+++ Records for the exercise

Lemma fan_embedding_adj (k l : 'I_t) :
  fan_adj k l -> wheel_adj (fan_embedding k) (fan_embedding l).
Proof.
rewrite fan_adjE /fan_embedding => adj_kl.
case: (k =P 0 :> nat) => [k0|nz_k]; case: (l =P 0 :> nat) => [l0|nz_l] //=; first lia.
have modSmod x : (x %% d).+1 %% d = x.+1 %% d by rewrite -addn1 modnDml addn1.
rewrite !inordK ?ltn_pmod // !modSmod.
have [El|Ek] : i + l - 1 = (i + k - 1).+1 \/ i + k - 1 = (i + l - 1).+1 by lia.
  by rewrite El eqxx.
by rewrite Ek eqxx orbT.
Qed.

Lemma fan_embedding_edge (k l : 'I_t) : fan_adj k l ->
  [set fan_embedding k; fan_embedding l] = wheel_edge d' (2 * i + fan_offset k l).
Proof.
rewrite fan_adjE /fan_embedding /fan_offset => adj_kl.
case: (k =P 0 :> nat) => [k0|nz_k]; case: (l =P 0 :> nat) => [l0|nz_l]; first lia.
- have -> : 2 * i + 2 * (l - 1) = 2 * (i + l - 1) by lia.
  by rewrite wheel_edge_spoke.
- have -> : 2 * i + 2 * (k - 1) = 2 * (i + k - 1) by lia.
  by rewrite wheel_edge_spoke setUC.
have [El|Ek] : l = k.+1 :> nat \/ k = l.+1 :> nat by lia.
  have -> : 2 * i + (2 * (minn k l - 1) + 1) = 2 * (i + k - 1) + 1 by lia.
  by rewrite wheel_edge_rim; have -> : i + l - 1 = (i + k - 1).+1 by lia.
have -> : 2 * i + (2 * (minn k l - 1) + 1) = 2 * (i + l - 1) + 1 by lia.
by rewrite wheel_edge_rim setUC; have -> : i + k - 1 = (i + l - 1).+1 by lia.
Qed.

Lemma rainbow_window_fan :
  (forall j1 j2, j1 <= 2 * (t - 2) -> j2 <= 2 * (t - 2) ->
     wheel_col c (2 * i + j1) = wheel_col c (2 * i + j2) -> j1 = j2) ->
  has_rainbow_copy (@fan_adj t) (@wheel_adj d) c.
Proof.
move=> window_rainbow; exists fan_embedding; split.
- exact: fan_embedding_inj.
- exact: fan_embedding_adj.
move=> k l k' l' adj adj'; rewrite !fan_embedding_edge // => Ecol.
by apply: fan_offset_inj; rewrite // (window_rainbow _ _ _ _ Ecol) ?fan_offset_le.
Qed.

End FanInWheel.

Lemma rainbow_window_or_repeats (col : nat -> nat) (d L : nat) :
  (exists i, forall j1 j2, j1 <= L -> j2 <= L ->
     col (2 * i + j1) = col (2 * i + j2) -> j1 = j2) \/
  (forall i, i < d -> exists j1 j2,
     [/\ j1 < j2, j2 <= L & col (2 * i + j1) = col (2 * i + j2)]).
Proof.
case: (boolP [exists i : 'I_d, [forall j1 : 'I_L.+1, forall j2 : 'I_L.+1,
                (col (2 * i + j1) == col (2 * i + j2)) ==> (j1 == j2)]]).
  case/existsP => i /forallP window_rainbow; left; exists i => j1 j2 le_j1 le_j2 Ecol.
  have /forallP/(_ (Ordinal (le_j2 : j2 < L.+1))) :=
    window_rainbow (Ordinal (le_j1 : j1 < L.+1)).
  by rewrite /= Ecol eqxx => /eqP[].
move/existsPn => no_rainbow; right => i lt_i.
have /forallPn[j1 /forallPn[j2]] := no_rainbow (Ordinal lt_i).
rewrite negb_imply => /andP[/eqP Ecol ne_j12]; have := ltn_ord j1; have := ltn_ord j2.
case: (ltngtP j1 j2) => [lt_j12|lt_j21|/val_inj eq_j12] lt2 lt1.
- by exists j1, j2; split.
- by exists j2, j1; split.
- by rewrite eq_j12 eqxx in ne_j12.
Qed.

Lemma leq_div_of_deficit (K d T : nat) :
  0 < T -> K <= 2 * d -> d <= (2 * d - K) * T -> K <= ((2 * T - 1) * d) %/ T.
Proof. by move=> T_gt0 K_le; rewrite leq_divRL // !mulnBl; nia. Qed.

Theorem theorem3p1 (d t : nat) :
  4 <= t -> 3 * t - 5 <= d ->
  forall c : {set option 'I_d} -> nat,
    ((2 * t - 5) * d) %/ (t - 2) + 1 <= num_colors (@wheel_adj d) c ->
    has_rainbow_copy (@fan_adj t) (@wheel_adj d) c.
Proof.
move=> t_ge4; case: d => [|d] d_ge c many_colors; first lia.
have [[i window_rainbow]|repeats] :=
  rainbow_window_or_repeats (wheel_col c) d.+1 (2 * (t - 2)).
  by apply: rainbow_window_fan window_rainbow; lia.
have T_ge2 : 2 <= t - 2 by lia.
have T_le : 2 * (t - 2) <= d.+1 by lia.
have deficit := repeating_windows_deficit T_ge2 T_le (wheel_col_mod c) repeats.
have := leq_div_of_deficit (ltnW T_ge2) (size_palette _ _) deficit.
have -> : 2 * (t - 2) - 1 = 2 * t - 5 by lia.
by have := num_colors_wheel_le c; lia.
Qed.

++++++

**What you will do**: Return every line of the listing above where "Ecol" appears.

**Answer below**:
move=> k l k' l' adj adj'; rewrite !fan_embedding_edge // => Ecol.
by apply: fan_offset_inj; rewrite // (window_rainbow _ _ _ _ Ecol) ?fan_offset_le.
  case/existsP => i /forallP window_rainbow; left; exists i => j1 j2 le_j1 le_j2 Ecol.
  by rewrite /= Ecol eqxx => /eqP[].
rewrite negb_imply => /andP[/eqP Ecol ne_j12]; have := ltn_ord j1; have := ltn_ord j2.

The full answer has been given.